How to complete this task: A faithful transcription of all the data is required.

Provided material:
Lemma tree_size_bound X w h s : tree X w h s -> size w <= fanout ^ h.
Proof.
have fanout_gt0 : 0 < fanout by have := fanout_gt1; lia.
move: X w h s.
suff [tree_ok _] : (forall X w h s, tree X w h s -> size w <= fanout ^ h) /\
                   (forall xs w h s, forest xs w h s -> size w <= size xs * fanout ^ h)
  by exact: tree_ok.
apply: tree_forest_ind => //.
- move=> A rhs w h s Ain _ IH; rewrite expnS; apply: leq_trans IH _.
  by apply: leq_mul => //; apply: rule_size_le_fanout Ain.
- move=> X xs w1 w2 h1 h2 s1 s2 _ IH1 _ IH2; rewrite size_cat /= mulSn.
  apply: leq_add; first by apply: leq_trans IH1 _; apply: leq_pexp2l => //; apply: leq_maxl.
  by apply: leq_trans IH2 _; apply: leq_mul => //; apply: leq_pexp2l => //; apply: leq_maxr.
Qed.

Definition num_nonterminals : nat := #|{: nonterm G}|.

Definition has_loop A w s : Prop :=
  exists B u v x y z m1 m2 hx sx,
    [/\ ctx (inl A) u B z m1, ctx (inl B) v B y m2, 0 < m2, tree (inl B) x hx sx &
        w = u ++ v ++ x ++ y ++ z /\ s = m1 + m2 + sx].

Definition reaches (S : seq (nonterm G)) A w s : Prop :=
  exists B u z m x hx sx,
    [/\ B \in S, ctx (inl A) u B z m, tree (inl B) x hx sx, w = u ++ x ++ z & s = m + sx].

(* Pigeonhole along a longest branch: walking down a tree of height h while
   recording the visited nonterminals in S, either a nonterminal of S is met
   again (reaches S) or the walk revisits one of its own nonterminals (a loop),
   as long as S and the branch together exceed the number of nonterminals. *)
Lemma loop_or_reaches h : forall A w s (S : seq (nonterm G)), tree (inl A) w h s ->
  uniq S -> num_nonterminals < size S + h -> has_loop A w s \/ reaches S A w s.
Proof.
elim: h => [|h IH] A w s S tA uniqS large; first by inversion tA.
have [AinS | AnotinS] := boolP (A \in S).
  by right; exists A, [::], [::], 0, w, h.+1, s; rewrite cats0; split=> //; apply: hole.
have uniqAS : uniq (A :: S) by rewrite /= AnotinS.
have AS_small : size (A :: S) <= num_nonterminals.
  by rewrite /num_nonterminals -(card_uniqP uniqAS); apply: max_card.
(* Descend into a child subtree of full height h, now recording A as visited. *)
inversion tA as [|A' rhs w' h' s0 Ain f]; subst.
have [|u [B [x [z [m [sx [cB tB -> ->]]]]]]] := subtree_at_height.2 _ _ _ _ f h.
  by apply/andP; rewrite /= in AS_small; lia.
have cAB := ctx_node Ain cB.
have [|loopB | [B' [u' [z' [m' [x' [hx [sx' [B'in c' tB' -> ->]]]]]]]]] :=
  IH _ _ _ _ tB uniqAS; first by rewrite /=; lia.
- left; case: loopB => [C [u1 [v [x1 [y [z1 [m1 [m2 [hx [sx1 [c1 c2 m2_gt0 tC [-> ->]]]]]]]]]]]].
  exists C, (u ++ u1), v, x1, y, (z1 ++ z), (m.+1 + m1), m2, hx, sx1.
  split=> //; first exact: compose cAB c1.
  by split; [rewrite -!catA | lia].
- (* Reaching A itself closes a loop; reaching a member of S is passed up. *)
  have cAB' := compose cAB c'; move: B'in; rewrite inE => /predU1P [eqB'A | B'inS].
    left; exists A, [::], (u ++ u'), x', (z' ++ z), [::], 0, (m.+1 + m'), hx, sx'.
    by subst B'; split=> //; [apply: hole | split; [rewrite cats0 -!catA | lia]].
  right; exists B', (u ++ u'), (z' ++ z), (m.+1 + m'), x', hx, sx'.
  by split=> //; [rewrite -!catA | lia].
Qed.

Lemma short_loop A w h s : tree (inl A) w h s -> num_nonterminals < h ->
  exists B u v x y z m1 m2 hx sx,
    [/\ ctx (inl A) u B z m1, ctx (inl B) v B y m2, 0 < m2, tree (inl B) x hx sx &
        [/\ w = u ++ v ++ x ++ y ++ z, s = m1 + m2 + sx &
            size (v ++ x ++ y) <= fanout ^ num_nonterminals.+1]].
Proof.
move=> tA tall.
have [|u0 [A' [w1 [z0 [m0 [s1 [c0 t1 -> ->]]]]]]] :=
  subtree_at_height.1 _ _ _ _ tA num_nonterminals.+1; first exact/andP.
have [//|loop|] := @loop_or_reaches _ _ _ _ [::] t1 isT; last first.
  by case=> B [? [? [? [? [? [? []]]]]]].
case: loop => [B [u [v [x [y [z [m1 [m2 [hx [sx [c1 c2 m2_gt0 tB [ew1 ->]]]]]]]]]]]].
exists B, (u0 ++ u), v, x, y, (z ++ z0), (m0 + m1), m2, hx, sx.
split=> //; [exact: compose c0 c1 | split; [by rewrite ew1 -!catA | lia |]].
apply: leq_trans (tree_size_bound t1); rewrite ew1 !size_cat; lia.
Qed.

Lemma pumping : exists P, forall w, cfg_lang G w -> P <= size w ->
  exists u v x y z, [/\ w = u ++ v ++ x ++ y ++ z, size (v ++ x ++ y) <= P,
    0 < size (v ++ y) & forall i, cfg_lang G (u ++ wpow i v ++ x ++ wpow i y ++ z)].
Proof.
exists (fanout ^ num_nonterminals.+1) => w /cfg_langP [h [s t]] long_w.
have [n] := ubnP s; elim: n => // n IHn in h s t *; rewrite ltnS => le_sn.
have tall : num_nonterminals < h.
  by rewrite -(leq_exp2l _ _ fanout_gt1); apply: leq_trans long_w (tree_size_bound t).
have [B [u [v [x [y [z [m1 [m2 [hx [sx [c1 c2 m2_gt0 tB [ew es short]]]]]]]]]]]] :=
  short_loop t tall.
have [vy_nil | vy_nonempty] := posnP (size (v ++ y)).
  have [v_nil y_nil] : v = [::] /\ y = [::].
    by move: vy_nil; rewrite size_cat; case: (v); case: (y).
  have [h' t'] := plug c1 tB.
  by apply: (IHn h' (m1 + sx)); [rewrite ew v_nil y_nil | lia].
exists u, v, x, y, z; split=> // i; apply/cfg_langP.
have [h' t'] := plug (compose c1 (iterate_loop i c2)) tB.
by exists h', (m1 + i * m2 + sx); rewrite -!catA in t'.
Qed.

End DerivationTrees.

Local Notation ones s := (count_mem true s).
Local Notation zeros s := (count_mem false s).

Lemma zeros_add_ones (s : word) : zeros s + ones s = size s.
Proof. by elim: s => [|[] s IH] //=; rewrite /= in IH *; lia. Qed.

Lemma shuffle_count (T : eqType) (x y z : seq T) a :
  shuffle x y z -> count_mem a z = count_mem a x + count_mem a y.
Proof. by elim=> //= b x' y' z' _ ->; lia. Qed.

Lemma shuffle_cons_inv (T : Type) (x y z : seq T) a : shuffle x y (a :: z) ->
  (exists x', x = a :: x' /\ shuffle x' y z) \/ (exists y', y = a :: y' /\ shuffle x y' z).
Proof. by move=> sh; inversion sh; subst; [left | right]; eexists. Qed.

Output of the exercise:
Lemma tree_size_bound X w h s : tree X w h s -> size w <= fanout ^ h.
Proof.
have fanout_gt0 : 0 < fanout by have := fanout_gt1; lia.
move: X w h s.
suff [tree_ok _] : (forall X w h s, tree X w h s -> size w <= fanout ^ h) /\
                   (forall xs w h s, forest xs w h s -> size w <= size xs * fanout ^ h)
  by exact: tree_ok.
apply: tree_forest_ind => //.
- move=> A rhs w h s Ain _ IH; rewrite expnS; apply: leq_trans IH _.
  by apply: leq_mul => //; apply: rule_size_le_fanout Ain.
- move=> X xs w1 w2 h1 h2 s1 s2 _ IH1 _ IH2; rewrite size_cat /= mulSn.
  apply: leq_add; first by apply: leq_trans IH1 _; apply: leq_pexp2l => //; apply: leq_maxl.
  by apply: leq_trans IH2 _; apply: leq_mul => //; apply: leq_pexp2l => //; apply: leq_maxr.
Qed.

Definition num_nonterminals : nat := #|{: nonterm G}|.

Definition has_loop A w s : Prop :=
  exists B u v x y z m1 m2 hx sx,
    [/\ ctx (inl A) u B z m1, ctx (inl B) v B y m2, 0 < m2, tree (inl B) x hx sx &
        w = u ++ v ++ x ++ y ++ z /\ s = m1 + m2 + sx].

Definition reaches (S : seq (nonterm G)) A w s : Prop :=
  exists B u z m x hx sx,
    [/\ B \in S, ctx (inl A) u B z m, tree (inl B) x hx sx, w = u ++ x ++ z & s = m + sx].

(* Pigeonhole along a longest branch: walking down a tree of height h while
   recording the visited nonterminals in S, either a nonterminal of S is met
   again (reaches S) or the walk revisits one of its own nonterminals (a loop),
   as long as S and the branch together exceed the number of nonterminals. *)
Lemma loop_or_reaches h : forall A w s (S : seq (nonterm G)), tree (inl A) w h s ->
  uniq S -> num_nonterminals < size S + h -> has_loop A w s \/ reaches S A w s.
Proof.
elim: h => [|h IH] A w s S tA uniqS large; first by inversion tA.
have [AinS | AnotinS] := boolP (A \in S).
  by right; exists A, [::], [::], 0, w, h.+1, s; rewrite cats0; split=> //; apply: hole.
have uniqAS : uniq (A :: S) by rewrite /= AnotinS.
have AS_small : size (A :: S) <= num_nonterminals.
  by rewrite /num_nonterminals -(card_uniqP uniqAS); apply: max_card.
(* Descend into a child subtree of full height h, now recording A as visited. *)
inversion tA as [|A' rhs w' h' s0 Ain f]; subst.
have [|u [B [x [z [m [sx [cB tB -> ->]]]]]]] := subtree_at_height.2 _ _ _ _ f h.
  by apply/andP; rewrite /= in AS_small; lia.
have cAB := ctx_node Ain cB.
have [|loopB | [B' [u' [z' [m' [x' [hx [sx' [B'in c' tB' -> ->]]]]]]]]] :=
  IH _ _ _ _ tB uniqAS; first by rewrite /=; lia.
- left; case: loopB => [C [u1 [v [x1 [y [z1 [m1 [m2 [hx [sx1 [c1 c2 m2_gt0 tC [-> ->]]]]]]]]]]]].
  exists C, (u ++ u1), v, x1, y, (z1 ++ z), (m.+1 + m1), m2, hx, sx1.
  split=> //; first exact: compose cAB c1.
  by split; [rewrite -!catA | lia].
- (* Reaching A itself closes a loop; reaching a member of S is passed up. *)
  have cAB' := compose cAB c'; move: B'in; rewrite inE => /predU1P [eqB'A | B'inS].
    left; exists A, [::], (u ++ u'), x', (z' ++ z), [::], 0, (m.+1 + m'), hx, sx'.
    by subst B'; split=> //; [apply: hole | split; [rewrite cats0 -!catA | lia]].
  right; exists B', (u ++ u'), (z' ++ z), (m.+1 + m'), x', hx, sx'.
  by split=> //; [rewrite -!catA | lia].
Qed.

Lemma short_loop A w h s : tree (inl A) w h s -> num_nonterminals < h ->
  exists B u v x y z m1 m2 hx sx,
    [/\ ctx (inl A) u B z m1, ctx (inl B) v B y m2, 0 < m2, tree (inl B) x hx sx &
        [/\ w = u ++ v ++ x ++ y ++ z, s = m1 + m2 + sx &
            size (v ++ x ++ y) <= fanout ^ num_nonterminals.+1]].
Proof.
move=> tA tall.
have [|u0 [A' [w1 [z0 [m0 [s1 [c0 t1 -> ->]]]]]]] :=
  subtree_at_height.1 _ _ _ _ tA num_nonterminals.+1; first exact/andP.
have [//|loop|] := @loop_or_reaches _ _ _ _ [::] t1 isT; last first.
  by case=> B [? [? [? [? [? [? []]]]]]].
case: loop => [B [u [v [x [y [z [m1 [m2 [hx [sx [c1 c2 m2_gt0 tB [ew1 ->]]]]]]]]]]]].
exists B, (u0 ++ u), v, x, y, (z ++ z0), (m0 + m1), m2, hx, sx.
split=> //; [exact: compose c0 c1 | split; [by rewrite ew1 -!catA | lia |]].
apply: leq_trans (tree_size_bound t1); rewrite ew1 !size_cat; lia.
Qed.

Lemma pumping : exists P, forall w, cfg_lang G w -> P <= size w ->
  exists u v x y z, [/\ w = u ++ v ++ x ++ y ++ z, size (v ++ x ++ y) <= P,
    0 < size (v ++ y) & forall i, cfg_lang G (u ++ wpow i v ++ x ++ wpow i y ++ z)].
Proof.
exists (fanout ^ num_nonterminals.+1) => w /cfg_langP [h [s t]] long_w.
have [n] := ubnP s; elim: n => // n IHn in h s t *; rewrite ltnS => le_sn.
have tall : num_nonterminals < h.
  by rewrite -(leq_exp2l _ _ fanout_gt1); apply: leq_trans long_w (tree_size_bound t).
have [B [u [v [x [y [z [m1 [m2 [hx [sx [c1 c2 m2_gt0 tB [ew es short]]]]]]]]]]]] :=
  short_loop t tall.
have [vy_nil | vy_nonempty] := posnP (size (v ++ y)).
  have [v_nil y_nil] : v = [::] /\ y = [::].
    by move: vy_nil; rewrite size_cat; case: (v); case: (y).
  have [h' t'] := plug c1 tB.
  by apply: (IHn h' (m1 + sx)); [rewrite ew v_nil y_nil | lia].
exists u, v, x, y, z; split=> // i; apply/cfg_langP.
have [h' t'] := plug (compose c1 (iterate_loop i c2)) tB.
by exists h', (m1 + i * m2 + sx); rewrite -!catA in t'.
Qed.

End DerivationTrees.

Local Notation ones s := (count_mem true s).
Local Notation zeros s := (count_mem false s).

Lemma zeros_add_ones (s : word) : zeros s + ones s = size s.
Proof. by elim: s => [|[] s IH] //=; rewrite /= in IH *; lia. Qed.

Lemma shuffle_count (T : eqType) (x y z : seq T) a :
  shuffle x y z -> count_mem a z = count_mem a x + count_mem a y.
Proof. by elim=> //= b x' y' z' _ ->; lia. Qed.

Lemma shuffle_cons_inv (T : Type) (x y z : seq T) a : shuffle x y (a :: z) ->
  (exists x', x = a :: x' /\ shuffle x' y z) \/ (exists y', y = a :: y' /\ shuffle x y' z).
Proof. by move=> sh; inversion sh; subst; [left | right]; eexists. Qed.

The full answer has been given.